EXERCISE GOAL
Print the data below exactly, but only the lines from the one containing "(* ||h||^2 ~ Gamma(M_k, 1) (Erlang cdf) *)" down to the one containing "(* joint law", inclusive.

DATA SHOWN
--------

Definition ticket (l : loc) : option nat :=
  match l with
  | Idle | L2 _ => None
  | L3 _ t | L4 _ t | L5 _ t | L13 _ t _ _ _ | L14 _ t
  | L6 _ t _ _ _ _ | L7 _ t _ _ _ _ | L8 _ t _ _ _ _
  | L9 _ t _ _ _ _ _ _ _ | L10 _ t _ _ _ _ _ _ _ _ _
  | L11 _ t _ _ _ _ _ _ _ | L12 _ t _ _ _ _ _ _ _ _ _ => Some t
  end.

(* The timestamp of the current operation once line 3 has set H_p := (t, NULL). *)
Definition registered (l : loc) : option nat :=
  match l with L3 _ _ => None | _ => ticket l end.

Definition read_S (l : loc) : option sval :=
  match l with
  | L6 _ _ ts ss rs ps | L7 _ _ ts ss rs ps | L8 _ _ ts ss rs ps
  | L9 _ _ ts ss rs ps _ _ _ | L10 _ _ ts ss rs ps _ _ _ _ _
  | L11 _ _ ts ss rs ps _ _ _ | L12 _ _ ts ss rs ps _ _ _ _ _ => Some (ts, ss, rs, ps)
  | _ => None
  end.

(* The value read from S at line 5, once line 6 has been executed on it. *)
Definition helped_S (l : loc) : option sval :=
  match l with L6 _ _ _ _ _ _ => None | _ => read_S l end.

Definition read_A (l : loc) : option (nat * Ptr) :=
  match l with
  | L9 _ _ _ _ _ _ t' _ p' | L10 _ _ _ _ _ _ t' _ p' _ _
  | L11 _ _ _ _ _ _ t' _ p' | L12 _ _ _ _ _ _ t' _ p' _ _ | L13 _ _ t' _ p' => Some (t', p')
  | _ => None
  end.

Definition unwritten (W : list sval) (t : nat) (ptr : Ptr) : Prop :=
  forall w, In w W -> skey w <> (t, ptr).

(* While S still holds the value read at line 5, the operation read from A at
   line 8 has not been applied yet; at L10 only if line 9 saw it pending. *)
Definition target_fresh (c : conf) (W : list sval) (l : loc) : Prop :=
  match l with
  | L10 _ _ ts ss rs ps t' _ p' th rh =>
      cS c = (ts, ss, rs, ps) -> (th, rh) = (t', RNull) -> unwritten W t' p'
  | L11 _ _ ts ss rs ps t' _ p' | L12 _ _ ts ss rs ps t' _ p' _ _ =>
      cS c = (ts, ss, rs, ps) -> unwritten W t' p'
  | _ => True
  end.

(* The initial value of S is the only one with response bottom and pointer h(NOOP). *)
Definition in_history (W : list sval) (Z : sval) : Prop :=
  (sresp Z = RBot /\ sptr Z = HNoop) \/ In Z W.

Lemma registered_ticket (l : loc) t : registered l = Some t -> ticket l = Some t.
Proof. destruct l; simpl; congruence. Qed.

Lemma helped_S_read_S (l : loc) Z : helped_S l = Some Z -> read_S l = Some Z.
Proof. destruct l; simpl; congruence. Qed.

Lemma skey_ptr (Z : sval) x : sptr Z = HPtr x -> skey Z = (stime Z, HPtr x).
Proof. unfold skey; congruence. Qed.

Lemma history_ptr W Z x : in_history W Z -> sptr Z = HPtr x -> In Z W.
Proof. intros [[_ Hp] | HZ] Hx; congruence. Qed.

Lemma in_history_app W W' Z : in_history W Z -> in_history (W ++ W') Z.
Proof. intros [H | H]; [left | right; apply in_or_app]; auto. Qed.

Lemma target_fresh_of_changed_S (c : conf) W l :
  (forall Z, read_S l = Some Z -> cS c <> Z) -> target_fresh c W l.
Proof. destruct l; simpl; auto; intros Hne HcS; exfalso; exact (Hne _ eq_refl HcS). Qed.

Record proc_ok (c : conf) (W : list sval) (P : nat -> nat -> Prop) (l : loc) : Prop := {
  ticket_lt_clock : forall t, ticket l = Some t -> t < cC c;
  read_A_announced : forall t x, read_A l = Some (t, HPtr x) -> P t x;
  read_S_in_history : forall Z, read_S l = Some Z -> in_history W Z;
  helped_S_answered : forall Z, helped_S l = Some Z -> cS c = Z ->
    deref c (sptr Z) <> (stime Z, RNull);
  target_unwritten : target_fresh c W l }.
(* In the $K$-tier network model described in the context with $W=0$, let tier $k$ use target SINR $\beta_k>0$ and rate $\mathcal R_k=\log_2(1+\beta_k)$, and define $$\mathcal F=\frac{\sum_{k=1}^K\lambda_k\mathcal A_k(1-\mathcal O_k^{int})\mathcal R_k}{\sum_{k=1}^K\lambda_k\mathcal A_k\big(\frac1\eta P_k+M_kP_C\big)+\sum_{k=1}^K\lambda_kP_S}$$ with constants $\eta\in(0,1]$, $P_C>0$, $P_S>0$. Regarded as a function of the access threshold $\epsilon$, $\lim_{\epsilon\to\infty}\mathcal F=0$.
   Context: Network model: $\mathcal K=\{1,\dots,K\}$. In $\mathbb R^2$, tier-$k$ BSs form a homogeneous PPP of intensity $\lambda_k>0$ and users a homogeneous PPP of intensity $\lambda_u>0$, all independent. Tier-$k$ BSs have transmit power $P_k>0$, $M_k\in\mathbb N$ antennas, bias $B_k>0$, path-loss exponent $\alpha_k>2$. $\Omega_k=P_kM_kB_k$, $\delta_k=2/\alpha_k$, $\Omega_{j,k}=\Omega_j/\Omega_k$, $\delta_{j,k}=\delta_j/\delta_k$. Access threshold $\epsilon>0$, $R_k=(\Omega_k/\epsilon)^{1/\alpha_k}$. Association: with $D_k$ the distance from a typical user to its nearest tier-$k$ BS, $\hat\rho_k=\Omega_kD_k^{-\alpha_k}$ if $D_k\le R_k$, else $0$; association with tier $k$ iff $\hat\rho_k>\hat\rho_j$ for all $j\ne k$, with probability $\mathcal T_k=\pi\lambda_k\int_0^{R_k^2}\exp(-\pi\sum_j\lambda_j\Omega_{j,k}^{\delta_j}r^{\delta_{j,k}})dr$. Activation probability of tier $j$: $\mathcal A_j=1-\exp\big(-\pi\lambda_u\int_0^{R_j^2}\exp(-\pi\sum_l\lambda_l\Omega_{l,j}^{\delta_l}r^{\delta_{l,j}})dr\big)$; active tier-$j$ BSs are modeled as a homogeneous PPP of intensity $\mathcal A_j\lambda_j$. Outage model: conditional on association with tier $k$, the serving distance $X_k$ has density $\frac{2\pi\lambda_k}{\mathcal T_k}x\exp(-\pi\sum_j\lambda_j\Omega_{j,k}^{\delta_j}x^{2\delta_{j,k}})$ on $(0,R_k]$; given $X_k$, interferers of tier $j$ are the points of independent homogeneous PPPs of intensity $\mathcal A_j\lambda_j$ outside the disk around the user of radius $\Omega_{j,k}^{1/\alpha_j}X_k^{\alpha_k/\alpha_j}$; $\|\mathbf h\|^2\sim\mathrm{Gamma}(M_k,1)$, an interferer of tier $j$ at distance $r$ contributes $P_jVr^{-\alpha_j}$ with $V\sim\mathrm{Exp}(1)$, all independent; $I_o$ is the total interference and $\mathcal O_k^{int}=\mathbb P\{P_k\|\mathbf h\|^2X_k^{-\alpha_k}/I_o<\beta_k\}$. $P_C$ is per-antenna circuit power, $P_S$ static power, $\eta$ amplifier efficiency. *)

From HB Require Import structures.
From mathcomp Require Import all_boot all_order all_algebra.
From mathcomp Require Import all_classical all_reals all_analysis.
Set Implicit Arguments. Unset Strict Implicit. Unset Printing Implicit Defensive.
Import Order.TTheory GRing.Theory Num.Theory numFieldNormedType.Exports.
Local Open Scope classical_set_scope.
Local Open Scope ring_scope.

Section Model.
Variables (R : realType) (K : nat).
(* tier parameters: intensity lambda_k, power P_k, antennas M_k, bias B_k,
   path-loss exponent alpha_k *)
Variables (lam Pw Bi al : 'I_K -> R) (Mk : 'I_K -> nat).
Variable lamu : R.

Local Notation leb := (@lebesgue_measure R).

Definition Om (k : 'I_K) : R := Pw k * (Mk k)%:R * Bi k.
Definition dl (k : 'I_K) : R := 2 / al k.
Definition Rk (eps : R) (k : 'I_K) : R := (Om k / eps) `^ (1 / al k).

Definition expo (k : 'I_K) (r : R) : R :=
  expR (- (pi * \sum_(j < K) lam j * (Om j / Om k) `^ (dl j) * r `^ (dl j / dl k))).

Definition Tk (eps : R) (k : 'I_K) : R :=
  pi * lam k * \int[leb]_(r in `[0, Rk eps k ^+ 2]) expo k r.

Definition Ak (eps : R) (j : 'I_K) : R :=
  1 - expR (- (pi * lamu * \int[leb]_(r in `[0, Rk eps j ^+ 2]) expo j r)).

Definition distdens (eps : R) (k : 'I_K) (x : R) : R :=
  2 * pi * lam k / Tk eps k * x *
  expR (- (pi * \sum_(j < K) lam j * (Om j / Om k) `^ (dl j) * x `^ (2 * (dl j / dl k)))).

(* exclusion radius of tier-j interferers given serving distance x *)
Definition exclr (k j : 'I_K) (x : R) : R :=
  (Om j / Om k) `^ (1 / al j) * x `^ (al k / al j).

(* Laplace transform E[exp(-u I_o) | X_k = x] of the interference generated by
   independent homogeneous PPPs of intensity A_j lambda_j outside the disks of
   radius exclr k j x, each interferer contributing P_j V r^{-alpha_j},
   V ~ Exp(1) (probability generating functional of the PPP, polar coordinates). *)
Definition LapI (eps : R) (k : 'I_K) (u x : R) : R :=
  expR (- \sum_(j < K) 2 * pi * Ak eps j * lam j *
     \int[leb]_(r in `[exclr k j x, +oo[)
        (r * (1 - 1 / (1 + u * Pw j * r `^ (- al j))))).

(* The random objects of the outage model of tier k, for threshold eps,
   on a probability space (T, Pr): serving distance X, channel gain G = ||h||^2,
   total interference I. *)
Record outage_model (eps : R) (k : 'I_K) d (T : measurableType d)
    (Pr : probability T R) (X G I : T -> R) : Prop := {
  om_X : measurable_fun setT X;
  om_G : measurable_fun setT G;
  om_I : measurable_fun setT I;
  (* ||h||^2 ~ Gamma(M_k, 1) (Erlang cdf) *)
  om_G_nonneg : Pr [set w | G w < 0] = 0%E;
  om_G_cdf : forall t : R, 0 <= t ->
    Pr [set w | G w <= t] =
      (1 - \sum_(m < Mk k) expR (- t) * t ^+ m / (m`!)%:R)%:E;
  om_I_nonneg : Pr [set w | I w < 0] = 0%E;
  (* joint law of (X_k, I_o): X_k has density distdens on (0, R_k] and,
     given X_k = x, I_o has Laplace transform LapI u x *)
  om_XI : forall (B : set R) (u : R), measurable B -> 0 <= u ->
    \int[Pr]_(w in X @^-1` B) expR (- (u * I w)) =
    \int[leb]_(x in B `&` `]0, Rk eps k]) (distdens eps k x * LapI eps k u x);
  om_indep : forall A B C : set R, measurable A -> measurable B -> measurable C ->
    Pr (G @^-1` A `&` X @^-1` B `&` I @^-1` C) =
    (Pr (G @^-1` A) * Pr (X @^-1` B `&` I @^-1` C))%E
}.

Definition outage d (T : measurableType d) (Pr : probability T R)
    (X G I : T -> R) (beta : R) (k : 'I_K) : R :=
  fine (Pr [set w | Pw k * G w * X w `^ (- al k) / I w < beta]).

Definition EEff (eps : R) (O : 'I_K -> R) (beta : 'I_K -> R)
    (eta PC PS : R) : R :=
  (\sum_(k < K) lam k * Ak eps k * (1 - O k) * (ln (1 + beta k) / ln 2)) /
  (\sum_(k < K) lam k * Ak eps k * (Pw k / eta + (Mk k)%:R * PC) +
   \sum_(k < K) lam k * PS).

End Model.

From Pilot Require Import Defs.
From HB Require Import structures.
From mathcomp Require Import all_boot all_order all_algebra.
From mathcomp Require Import all_classical all_reals all_analysis.
From mathcomp Require Import measurable_realfun.
Set Implicit Arguments. Unset Strict Implicit. Unset Printing Implicit Defensive.
Import Order.TTheory GRing.Theory Num.Theory numFieldNormedType.Exports.
Local Open Scope classical_set_scope.
Local Open Scope ring_scope.

(* As eps grows, every access radius R_k = (Omega_k/eps)^(1/alpha_k) shrinks to
   0.  The activation probability A_k is 1 - exp(-pi lambda_u J_k), where J_k
   integrates a function with values in [0,1] over [0, R_k^2]; so J_k <= R_k^2
   and A_k -> 0.  Each term lambda_k A_k (1 - O_k) log2(1 + beta_k) of the
   numerator of F lies between 0 and lambda_k A_k log2(1 + beta_k), hence tends
   to 0, while the denominator tends to sum_k lambda_k P_S > 0 thanks to the
   static power. *)

Lemma measurable_invr (R : realType) : measurable_fun [set: R] (@GRing.inv R).
Proof.
have -> : [set: R] = [set 0] `|` [set x | x != 0].
  by apply/seteqP; split => x // _; case: (eqVneq x 0) => [->|]; [left|right].
apply/measurable_funU => //; first by apply: open_measurable; exact: open_neq.
split; first exact: measurable_fun_set1.
apply: open_continuous_measurable_fun; first exact: open_neq.
by move=> x; rewrite inE => /= x_neq0; exact: inv_continuous.
Qed.

Lemma fine_probability_itv d (T : measurableType d) (R : realType)
    (P : probability T R) (A : set T) :
  measurable A -> 0 <= fine (P A) <= 1.
Proof.
move=> mA; have PA_ge0 := measure_ge0 P A; have PA_le1 := probability_le1 P mA.
by rewrite fine_ge0 //= -lee_fin fineK // ge0_fin_numE // (le_lt_trans PA_le1) ?ltry.
Qed.

Lemma Rintegral_itv_le_length (R : realType) (f : R -> R) (a b : R) :
  a <= b -> measurable_fun `[a, b]%classic f ->
  (forall x, x \in `[a, b] -> 0 <= f x <= 1) ->
  \int[lebesgue_measure]_(x in `[a, b]) f x <= b - a.
Proof.
move=> ab mf f01; rewrite /Rintegral.
have int_ge0 : (0 <= \int[lebesgue_measure]_(x in `[a, b]) (f x)%:E)%E.
  by apply: integral_ge0 => x /f01 /andP[+ _]; rewrite lee_fin.
have int_le : (\int[lebesgue_measure]_(x in `[a, b]) (f x)%:E <= (b - a)%:E)%E.
  apply: (@le_trans _ _ (\int[lebesgue_measure]_(x in `[a, b]) (cst 1%:E) x)%E).
    apply: ge0_le_integral => //.
    - by move=> x /f01 /andP[+ _]; rewrite lee_fin.
    - exact/measurable_EFinP.
    - by move=> x /f01 /andP[_]; rewrite lee_fin.
  rewrite integral_cst // mul1e.
  have := @lebesgue_measure_itv R `[a, b]; rewrite /= => ->.
  by case: ifPn => _; rewrite ?EFinB // lee_fin subr_ge0.
by rewrite -lee_fin fineK // ge0_fin_numE // (le_lt_trans int_le) ?ltry.
Qed.

Lemma divr_cvg0_pinfty_right (R : realType) (c : R) :
  0 < c -> c / x @[x --> +oo] --> 0^'+.
Proof.
move=> c_gt0.
have c_div_cvg0 : c / x @[x --> +oo] --> 0.
  rewrite -(mulr0 c); apply: cvgM; first exact: cvg_cst.
  by apply/gtr0_cvgV0; [exact: nbhs_pinfty_gt | exact: cvg_id].
have c_div_gt0 : \forall x \near +oo, 0 < c / x.
  by apply: filterS (nbhs_pinfty_gt (real0 R)) => x; exact: divr_gt0.
move=> A /c_div_cvg0 near_A.
by apply: filterS2 c_div_gt0 near_A => x pos /(_ pos).
Qed.

Lemma outage_itv (R : realType) (K : nat) (lam Pw Bi al : 'I_K -> R)
    (Mk : 'I_K -> nat) (lamu eps beta : R) (k : 'I_K)
    d (T : measurableType d) (Pr : probability T R) (X G I : T -> R) :
  outage_model lam Pw Bi al Mk lamu eps k Pr X G I ->
  0 <= outage Pw al Pr X G I beta k <= 1.
Proof.
case=> mX mG mI _ _ _ _ _; apply: fine_probability_itv.
have mSINR : measurable_fun setT (fun w => Pw k * G w * X w `^ (- al k) / I w).
  apply: measurable_funM; last exact: measurableT_comp (@measurable_invr R) mI.
  apply: measurable_funM; first exact: measurable_funM.
  exact: measurableT_comp (measurable_powR _) mX.
rewrite -[S in measurable S]setTI.
by apply: measurable_fun_ltr mSINR (measurable_cst beta) measurableT _ _.
Qed.

Section EnergyEfficiencyLimit.
Variables (R : realType) (K : nat).
Variables (lam Pw Bi al : 'I_K -> R) (Mk : 'I_K -> nat) (lamu : R).
Hypotheses (lam_gt0 : forall k, 0 < lam k) (Pw_gt0 : forall k, 0 < Pw k).
Hypotheses (Mk_gt0 : forall k, (0 < Mk k)%N) (Bi_gt0 : forall k, 0 < Bi k).
Hypotheses (al_gt0 : forall k, 0 < al k) (lamu_ge0 : 0 <= lamu).

Local Notation Om := (Om Pw Bi Mk).
Local Notation Rk := (Rk Pw Bi al Mk).
Local Notation expo := (expo lam Pw Bi al Mk).
Local Notation Ak := (Ak lam Pw Bi al Mk lamu).

Lemma Om_gt0 k : 0 < Om k.
Proof. by rewrite /Defs.Om !mulr_gt0 ?ltr0n. Qed.

Lemma Rk_cvg0 k : Rk eps k @[eps --> +oo] --> 0.
Proof.
have inv_al_gt0 : 0 < 1 / al k by rewrite divr_gt0.
exact: cvg_comp (divr_cvg0_pinfty_right (Om_gt0 k)) (powR_cvg0 inv_al_gt0).
Qed.

Lemma measurable_expo k : measurable_fun setT (expo k).
Proof.
apply: measurableT_comp; first exact: measurable_expR.
apply/measurable_funN/measurable_funM; first exact: measurable_cst.
apply: measurable_sum => j.
by apply: measurable_funM; [exact: measurable_cst | exact: measurable_powR].
Qed.

Lemma expo_itv k r : 0 <= expo k r <= 1.
Proof.
rewrite expR_ge0 /= -expR0 ler_expR oppr_le0 mulr_ge0 ?pi_ge0 //.
by apply: sumr_ge0 => j _; rewrite !mulr_ge0 ?powR_ge0 ?ltW.
Qed.

Lemma int_expo_cvg0 k :
  \int[lebesgue_measure]_(r in `[0, Rk eps k ^+ 2]) expo k r
    @[eps --> +oo] --> 0.
Proof.
have Rk2_cvg0 : Rk eps k ^+ 2 @[eps --> +oo] --> 0.
  under eq_fun do rewrite expr2.
  by rewrite -(mulr0 0); apply: cvgM; exact: Rk_cvg0.
apply: squeeze_cvgr (cvg_cst 0) Rk2_cvg0; near=> eps.
rewrite Rintegral_ge0 => [/=|x _]; last by case/andP: (expo_itv k x).
rewrite -[leRHS]subr0; apply: Rintegral_itv_le_length; first exact: sqr_ge0.
  exact: measurable_funS (measurable_expo k).
by move=> x _; exact: expo_itv.
Unshelve. all: end_near.
Qed.

Lemma Ak_ge0 eps k : 0 <= Ak eps k.
Proof.
rewrite /Defs.Ak subr_ge0 -expR0 ler_expR oppr_le0 !mulr_ge0 ?pi_ge0 //.
by apply: Rintegral_ge0 => x _; case/andP: (expo_itv k x).
Qed.

Lemma Ak_cvg0 k : Ak eps k @[eps --> +oo] --> 0.
Proof.
have -> : 0 = 1 - expR (- (pi * lamu * 0)) :> R.
  by rewrite mulr0 oppr0 expR0 subrr.
apply: cvgB; first exact: cvg_cst.
apply: continuous_cvg; first exact: continuous_expR.
by apply: cvgN; apply: cvgM; [exact: cvg_cst | exact: int_expo_cvg0].
Qed.

Variables (beta : 'I_K -> R) (eta PC PS : R).
Hypotheses (beta_ge0 : forall k, 0 <= beta k) (PS_gt0 : 0 < PS).

Lemma EEff_cvg0 (O : R -> 'I_K -> R) : (0 < K)%N ->
  (forall k, \forall eps \near +oo, 0 <= O eps k <= 1) ->
  EEff lam Pw Bi al Mk lamu eps (O eps) beta eta PC PS @[eps --> +oo] --> 0.
Proof.
move=> K_gt0 O_itv.
have sum0 : \sum_(k < K) 0 = 0 :> R by rewrite big1.
pose rate k := ln (1 + beta k) / ln 2.
have rate_ge0 k : 0 <= rate k.
  by rewrite divr_ge0 // ln_ge0 ?ler1n // lerDl.
have num_cvg0 : \sum_(k < K) lam k * Ak eps k * (1 - O eps k) * rate k
    @[eps --> +oo] --> 0.
  rewrite -[X in _ --> X]sum0.
  apply: cvg_big; first exact: add_continuous.
  move=> k _.
  have bound_cvg0 : lam k * Ak eps k * rate k @[eps --> +oo] --> 0.
    rewrite -(mul0r (rate k)) -(mulr0 (lam k)).
    apply: cvgM; last exact: cvg_cst.
    by apply: cvgM; [exact: cvg_cst | exact: Ak_cvg0].
  apply: squeeze_cvgr (cvg_cst 0) bound_cvg0.
  apply: filterS (O_itv k) => x /andP[Ox_ge0 Ox_le1].
  have lamA_ge0 : 0 <= lam k * Ak x k by rewrite mulr_ge0 ?Ak_ge0 ?ltW.
  apply/andP; split; first by rewrite mulr_ge0 // mulr_ge0 // subr_ge0.
  by rewrite ler_wpM2r // ler_piMr // lerBlDr lerDl.
have den_cvg : \sum_(k < K) lam k * Ak eps k * (Pw k / eta + (Mk k)%:R * PC)
    + \sum_(k < K) lam k * PS @[eps --> +oo] --> \sum_(k < K) lam k * PS.
  rewrite -[X in _ --> X]add0r; apply: cvgD; last exact: cvg_cst.
  rewrite -[X in _ --> X]sum0.
  apply: cvg_big; first exact: add_continuous.
  move=> k _; rewrite -(mul0r (Pw k / eta + (Mk k)%:R * PC)) -(mulr0 (lam k)).
  apply: cvgM; last exact: cvg_cst.
  by apply: cvgM; [exact: cvg_cst | exact: Ak_cvg0].
have den_neq0 : \sum_(k < K) lam k * PS != 0.
  rewrite gt_eqF // (bigD1 (Ordinal K_gt0)) //=.
  by rewrite ltr_pwDl ?mulr_gt0 // sumr_ge0 // => k _; rewrite mulr_ge0 ?ltW.
rewrite -(mul0r (\sum_(k < K) lam k * PS)^-1).
exact: cvgM num_cvg0 (cvgV den_neq0 den_cvg).
Qed.
End EnergyEfficiencyLimit.

Theorem proposition2 (R : realType) (K : nat)
    (lam Pw Bi al : 'I_K -> R) (Mk : 'I_K -> nat) (lamu : R)
    (beta : 'I_K -> R) (eta PC PS : R)
    (d : measure_display) (T : measurableType d)
    (Pr : R -> 'I_K -> probability T R) (X G I : R -> 'I_K -> T -> R) :
  (0 < K)%N ->
  (forall k, 0 < lam k) -> (forall k, 0 < Pw k) -> (forall k, (0 < Mk k)%N) ->
  (forall k, 0 < Bi k) -> (forall k, 2 < al k) -> 0 < lamu ->
  (forall k, 0 < beta k) -> 0 < eta <= 1 -> 0 < PC -> 0 < PS ->
  (forall eps k, 0 < eps ->
     outage_model lam Pw Bi al Mk lamu eps k (Pr eps k)
       (X eps k) (G eps k) (I eps k)) ->
  EEff lam Pw Bi al Mk lamu eps
    (fun k => outage Pw al (Pr eps k) (X eps k) (G eps k) (I eps k) (beta k) k)
    beta eta PC PS
  @[eps --> +oo] --> 0.
Proof.
(* eta and PC only weigh the A_k-terms of the denominator, which vanish. *)
move=> K_gt0 lam_gt0 Pw_gt0 Mk_gt0 Bi_gt0 al_gt2 lamu_gt0 beta_gt0 _ _ PS_gt0 model.
have al_gt0 k : 0 < al k by rewrite (lt_trans _ (al_gt2 k)).
apply: EEff_cvg0 => //.
- exact: ltW.
- by move=> k; exact: ltW.
- move=> k; apply: filterS (nbhs_pinfty_gt (real0 R)) => eps eps_gt0.
  exact: outage_itv (model eps k eps_gt0).
Qed.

--------

TASK ANSWER
  (* ||h||^2 ~ Gamma(M_k, 1) (Erlang cdf) *)
  om_G_nonneg : Pr [set w | G w < 0] = 0%E;
  om_G_cdf : forall t : R, 0 <= t ->
    Pr [set w | G w <= t] =
      (1 - \sum_(m < Mk k) expR (- t) * t ^+ m / (m`!)%:R)%:E;
  om_I_nonneg : Pr [set w | I w < 0] = 0%E;
  (* joint law of (X_k, I_o): X_k has density distdens on (0, R_k] and,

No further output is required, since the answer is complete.